До первых селений добрались к концу следующего дня, но не нашли в них никого. Впрочем, в этих размытых ливнями глинобитных стенах и источенных термитами столбах лишь с большим трудом можно было распознать остатки человеческих жилищ. Поля и улицы уже густо заросли травой и только несколько массивных каменных ступок и кучи шлака возле развалин кузницы свидетельствовали о том, что здесь когда-то кипела жизнь.
— На этих холмах стояли несколько деревень, был словно маленький город, — сокрушенно покачал головой Хасан. — Гостил у них всего год назад.
— Что случилось? Вымерли от болезней?
— Охотники за рабами добрались и до этих мест. Людей угнали, дома сожгли.
— Посмотри, там за развалинами кто-то прячется.
— Это павианы. Копают прошлогодний ямс. Пойдем, может быть и нам что-нибудь достанется.
На поле кипела работа, во все стороны летели комья земли и пучки травы. Больше всех старались самки с детенышами, примостившимися у них за спиной. Резвый молодняк носился вокруг, норовил ухватить уже выкопанные толстые серые клубни. Широкоплечие, обросшие рыжей шерстью самцы следили за порядком, настороженно поглядывая по сторонам. Именно они первыми заметили приближающихся людей и подняли крик. Огромный вожак выплюнул недоеденный клубень, встал во весь рост, угрожающе заворчал и обнажил длинные, как у доброго пса, клыки.
— Пошел вон! — крикнул Дмитрий и наклонился за камнем.
— Остановись! Не делай этого! — предупредил Хасан. — Возьми посох как копье, а я сейчас разведу огонь и отпугну всю стаю.
Увидев пламя и решительно наступающих людей, обезьяны, которые в свою очередь вооружились камнями и палками, отошли в кусты. Последними уходили самцы, злобно скалились и били себя кулаками в грудь. Тем временем все остальные члены стаи раскачивались на ветвях, оглушительно лаяли и визжали.
— Это не мартышки, а павианы, с ними надо быть осторожнее, — говорил Хасан, в то время как они с Дмитрием быстро копали яму. — Они бродят по саванне стаями, вступают в драку с дикими собаками и даже с леопардами. Боятся только львов и змей. Крестьянские поля уничтожают не хуже саранчи, не столько сами съедят, сколько перепортят и разорят. Женщин и подростков совсем не боятся, царапают их и кусают. Да и безоружному мужчине в одиночку с ними лучше не связываться.
— Почему ты не велел бросить в них камень?
— Так они в ответ забросали бы нас камнями. Эти твари очень сообразительны и во всем подражают людям.
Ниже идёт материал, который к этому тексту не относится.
Lemma prodr_eigenl (I : Type) (s : seq I) (P : pred I) (f : I -> A) (c : I -> F)
    (X : A) :
  (forall k, P k -> f k * X = c k *: X) ->
  (\prod_(k <- s | P k) f k) * X = (\prod_(k <- s | P k) c k) *: X.
Proof.
move=> fX; elim: s => [|k s IHs]; first by rewrite !big_nil mul1r scale1r.
rewrite !big_cons; case: ifP => // Pk.
by rewrite -mulrA IHs -scalerAr fX // scalerA mulrC.
Qed.

Lemma prodr_eigenr (I : Type) (s : seq I) (P : pred I) (f : I -> A) (c : I -> F)
    (X : A) :
  (forall k, P k -> X * f k = c k *: X) ->
  X * (\prod_(k <- s | P k) f k) = (\prod_(k <- s | P k) c k) *: X.
Proof.
move=> Xf; elim/last_ind: s => [|s k IHs]; first by rewrite !big_nil mulr1 scale1r.
rewrite -!cats1 !big_cat !big_cons !big_nil /=; case: ifP => Pk; last by rewrite !mulr1.
by rewrite !mulr1 mulrA IHs -scalerAl Xf // scalerA.
Qed.

Lemma mulr_prod_eq0 (I : eqType) (s : seq I) (f : I -> A) (y : A) (k : I) :
  k \in s -> (forall j, GRing.comm y (f j)) -> y * f k = 0 ->
  y * \prod_(j <- s) f j = 0.
Proof.
move=> + yf yfk; elim: s => [|j s IHs] //.
rewrite in_cons big_cons => /predU1P[<-|/IHs ys0]; first by rewrite mulrA yfk mul0r.
by rewrite mulrA yf -mulrA ys0 mulr0.
Qed.

Lemma eigen_ann_eq0 (m : nat) (x : nat -> F) (a X : A) (c : F) :
  \prod_(j < m) (a - x j *: 1) = 0 -> a * X = c *: X ->
  (forall j : 'I_m, c != x j) -> X = 0.
Proof.
move=> a_ann aX cx.
have : (\prod_(j < m) (c - x j)) *: X = 0.
  rewrite -(@prodr_eigenl 'I_m _ _ (fun j => a - x j *: 1)) ?a_ann ?mul0r // => j _.
  by rewrite mulrBl aX -scalerAl mul1r scalerBl.
move/eqP; rewrite scaler_eq0 prodf_seq_eq0 => /orP[/hasP[j _]|/eqP //].
by rewrite subr_eq0 (negPf (cx j)).
Qed.

End EigenProducts.

Section SpectralIdempotents.
Variables (F : fieldType) (A : algType F) (m : nat) (x : nat -> F) (a : A).
Hypothesis x_inj : injective x.

Definition spectral_idem (j : 'I_m.+1) : A := horner_alg a (tnth (lagrange m.+1 x) j).

Lemma sum_spectral_idem : \sum_j spectral_idem j = 1.
Proof.
rewrite -rmorph_sum -(rmorph1 (horner_alg a)); congr (horner_alg a _).
rewrite [RHS](@lagrange_gen _ m.+1 _ isT x_inj) ?size_poly1 //.
by apply: eq_bigr => j _; rewrite hornerC mul1r.
Qed.

Lemma commr_spectral_idem (b : A) j : GRing.comm b a -> GRing.comm b (spectral_idem j).
Proof. by move=> ba; apply: commr_horner => // i; rewrite coef_map; apply: comm_alg. Qed.

Hypothesis a_ann : \prod_(j < m.+1) (a - x j *: 1) = 0.

Lemma spectral_idem_eigen j : a * spectral_idem j = x j *: spectral_idem j.
Proof.
apply/eqP; rewrite -subr_eq0 -mulr_algl -mulrBl.
have -> : a - x j *: 1 = horner_alg a ('X - (x j)%:P).
  by rewrite rmorphB /= horner_algX horner_algC.
have XsubC_mul_lagrange : ('X - (x j)%:P) * \prod_(k < m.+1 | k != j) ('X - (x k)%:P)
    = \prod_(k < m.+1) ('X - (x k)%:P) by rewrite [RHS](bigD1 j).
rewrite /spectral_idem lagrangeE // -rmorphM /= mulrCA XsubC_mul_lagrange rmorphM.
rewrite rmorph_prod /= (eq_bigr (fun k : 'I_m.+1 => a - x k *: 1)) ?a_ann ?mulr0 //.
move=> k _.
by rewrite rmorphB /= horner_algX horner_algC.
Qed.
End SpectralIdempotents.

Lemma v_neq0 : v != 0.
Proof. by rewrite /v tofrac_eq0 polyX_eq0. Qed.

Lemma expvn_eq1 (k : nat) : v ^+ k = 1 -> k = 0%N.
Proof.
rewrite /v -rmorphXn -(rmorph1 (@tofrac _)) => /eqP; rewrite tofrac_eq => /eqP.
by move/(congr1 (fun p : {poly rat} => size p)); rewrite size_polyXn size_poly1 => -[].
Qed.

Lemma expvz_inj : injective (@exprz Qv v).
Proof.
have expvz_eq1 (z : int) : v ^ z = 1 -> z = 0.
  case: z => k /=; first by move/expvn_eq1 => ->.
  by rewrite NegzE -exprnN -[1]invr1 => /invr_inj/expvn_eq1.
move=> a b ab; apply/eqP; rewrite -subr_eq0; apply/eqP/expvz_eq1.
by rewrite expfzDr ?v_neq0 // ab -invr_expz mulfV // expfz_neq0 ?v_neq0.
Qed.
У нас в квартале жил торговец фесками, так с ним произошла очень смешная история. Как-то он понес свой товар на базар в соседний город и в полдень решил отдохнуть в тени деревьев. Проснулся, а товара и нет. Думал, что его обокрали какие-нибудь прохожие, но поднял глаза и увидел стаю обезьян. Они расселись на деревьях и вертели в лапах его фески. Торговец кричал и ругался, даже стал просить обезьян вернуть украденное, но они только кривлялись и лаяли на него. Тогда он пустился на хитрость, сам стал кривляться и размахивать своей феской. Замахали и они. Он одел ее на голову, они повторили и это. Тогда он сорвал феску и бросил ее в обезьян. В ответ с деревьев посыпались фески, и ему осталось только поскорее собрать свой товар… Ну а теперь, пока у обезьян не лопнуло терпение, пошли и мы. Разведем большой костер и поедим печеного ямса.
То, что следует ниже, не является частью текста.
(* Let $\mathcal H$ be a complex Hilbert space of finite dimension $n$, and let $\mathbf A=(A_1,\dots,A_m)$ be an $m$-tuple of self-adjoint operators on $\mathcal H$ such that $\{A_1,\dots,A_m\}$ is linearly independent. Assume $\mathbf 0\in\Lambda_{n-1}(\mathbf A)$, i.e., there is an orthonormal basis of $\mathcal H$ in which every $A_j$ has matrix of the form $\begin{pmatrix} * & * \\ * & 0_{n-1}\end{pmatrix}$. (a) If $m=2n-1$, then there is an invertible $S\in M_m(\mathbb R)$ such that $$\Lambda_1(\mathbf A)=\Big\{(1+u_1,u_2,\dots,u_m)S:\ u_1,\dots,u_m\in\mathbb R,\ \sum_{j=1}^m u_j^2=1\Big\},$$ so that $\Lambda_1(\mathbf A)$ is not star-shaped. (b) If $m<2n-1$, then $\Lambda_1(\mathbf A)$ is star-shaped with $\mathbf 0$ as a star center.
   Context: For an $m$-tuple $\mathbf A=(A_1,\dots,A_m)$ of self-adjoint operators on a complex Hilbert space $\mathcal H$ and a positive integer $k$, $\Lambda_k(\mathbf A)=\{(a_1,\dots,a_m)\in\mathbb R^m:$ there is an orthogonal projection $P$ of rank $k$ with $PA_jP=a_jP$ for all $j\}$; in particular $\Lambda_1(\mathbf A)=\{(\langle A_1x,x\rangle,\dots,\langle A_mx,x\rangle): x\in\mathcal H,\ \|x\|=1\}$ is the joint numerical range. A set $S\subseteq\mathbb R^m$ is star-shaped with star center $\mathbf c\in S$ if for every $\mathbf b\in S$ the segment joining $\mathbf c$ and $\mathbf b$ lies in $S$. Row vectors in $\mathbb R^m$ are multiplied on the right by $m\times m$ matrices. *)

(* The n-dimensional complex Hilbert space is C^n,
   realized as column vectors 'cV[R[i]]_n; operators are n x n complex matrices. *)
From HB Require Import structures.
From mathcomp Require Import all_boot all_order all_algebra.
From mathcomp Require Import reals complex.
Set Implicit Arguments.
Unset Strict Implicit.
Unset Printing Implicit Defensive.
Import Order.TTheory GRing.Theory Num.Theory.
Local Open Scope ring_scope.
Вечером сидели в шалаше у костра, грызли жесткие клубни. Дмитрий пытался вести разговор на хауса, а Хасан исправлял его ошибки. То и дело пускался в долгие объяснения, которые переходили в воспоминания. Внезапно осел, привязанный поблизости, перестал жевать траву и насторожился. Из зарослей показался высокий и очень худой человек с длинной гривой волос. Одет он был в рванье неопределенного цвета, но в руках держал винтовку. Как и положено путнику, приветствовал сидевших у костра, восславил Аллаха.
Его гостеприимно пригласили к огню, угостили ямсом, а когда он поел, поинтересовались, кто он и откуда.
— Я Селим ибн Артуш из племени баккара, был воином великого Сулейман-бея, сына знаменитого Зубейра-паши. Мы сражались с англичанами и убили их многие тысячи. Эту винтовку я добыл в бою и лично перестрелял больше сотни неверных, но эти вероломные псы напали на нас во время вечерней молитвы и удача отвернулась от нашего вождя. Он бился как лев и погиб как герой. Теперь я возвращаюсь домой в Эль-Фашер, где все знают моего отца, торговца кожами.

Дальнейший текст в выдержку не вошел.